**TASK GOAL**
All lines in the data bearing the string "Hlub" should be identified and copied.

==================================================

Lemma deriv_nonpos_at_right_min (f : R -> R) a m l : a < m -> is_derive f m l ->
  (forall s, a <= s <= m -> f m <= f s) -> l <= 0.
Proof.
  intros Ham Hf Hmin. apply is_derive_Reals in Hf.
  destruct (Rle_or_lt l 0) as [Hl | Hl]; [exact Hl | exfalso].
  destruct (Hf (l / 2)) as [[del Hdel] Hquot]; [lra |]. simpl in Hquot.
  set (h := - Rmin (del / 2) (m - a)).
  assert (Hh : - (del / 2) <= h < 0 /\ - (m - a) <= h).
  { unfold h. pose proof (Rmin_l (del / 2) (m - a)). pose proof (Rmin_r (del / 2) (m - a)).
    assert (0 < Rmin (del / 2) (m - a)) by (apply Rmin_pos; lra). lra. }
  specialize (Hquot h ltac:(lra)).
  rewrite Rabs_left in Hquot by lra. specialize (Hquot ltac:(lra)).
  apply Rabs_lt_between in Hquot.
  assert (f m <= f (m + h)) by (apply Hmin; lra).
  assert ((f (m + h) - f m) / h <= 0).
  { unfold Rdiv. assert (/ h < 0) by (apply Rinv_lt_0_compat; lra). nra. }
  lra.
Qed.

Lemma bounded_on_interval (f : R -> R) a b : a <= b ->
  (forall c, a <= c <= b -> continuity_pt f c) ->
  exists K, 0 <= K /\ forall c, a <= c <= b -> Rabs (f c) <= K.
Proof.
  intros Hab Hf.
  destruct (continuity_ab_maj (fun s => Rabs (f s)) a b Hab) as [m [Hm _]].
  - intros c Hc. apply (continuity_pt_comp f Rabs c); [now apply Hf | apply Rcontinuity_abs].
  - exists (Rabs (f m)). split; [apply Rabs_pos | exact Hm].
Qed.

Lemma is_lim_p_infty_intro (f : R -> R) (l : R) :
  (forall eps, 0 < eps -> exists T, forall t, T <= t -> Rabs (f t - l) < eps) ->
  is_lim f p_infty l.
Proof.
  intros Hf. apply is_lim_spec. intros eps.
  destruct (Hf eps (cond_pos eps)) as [T HT]. exists T. intros t Ht. apply HT. lra.
Qed.

Lemma is_lim_p_infty_elim (f : R -> R) (l : R) : is_lim f p_infty l ->
  forall eps, 0 < eps -> exists T, forall t, T <= t -> Rabs (f t - l) < eps.
Proof.
  intros Hf eps Heps.
  destruct (proj2 (is_lim_spec f p_infty l) Hf (mkposreal eps Heps)) as [T HT].
  exists (T + 1). intros t Ht. apply HT. lra.
Qed.

Lemma is_lim_p_infty_ext (f g : R -> R) T (l : Rbar) : (forall t, T <= t -> f t = g t) ->
  is_lim f p_infty l -> is_lim g p_infty l.
Proof. intros Hfg. apply is_lim_ext_loc. exists T. intros t Ht. apply Hfg. lra. Qed.

Lemma nonincreasing_bounded_is_lim (f : R -> R) T lo :
  (forall t u, T <= t <= u -> f u <= f t) -> (forall t, T <= t -> lo <= f t) ->
  exists l : R, is_lim f p_infty l.
Proof.
  intros Hmono Hlo.
  set (A := fun y => exists t, T <= t /\ y = - f t).
  destruct (completeness A) as [l [Hub Hlub]].
  - exists (- lo). intros y [t [Ht ->]]. specialize (Hlo t Ht). lra.
  - exists (- f T), T. split; [lra | reflexivity].
  - exists (- l). apply is_lim_p_infty_intro. intros eps Heps.
    destruct (classic (exists t, T <= t /\ l - eps < - f t)) as [[t0 [Ht0 Hft0]] | Hno].
    + exists t0. intros t Ht.
      assert (- f t <= l) by (apply Hub; exists t; split; [lra | reflexivity]).
      assert (f t <= f t0) by (apply Hmono; lra).
      apply Rabs_lt_between. lra.
    + assert (l <= l - eps); [| lra].
      apply Hlub. intros y [t [Ht ->]].
      apply Rnot_lt_le. intros Hlt. apply Hno. now exists t.
Qed.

==================================================

**SOLUTION FOR THIS PROBLEM**
  destruct (completeness A) as [l [Hub Hlub]].
      apply Hlub. intros y [t [Ht ->]].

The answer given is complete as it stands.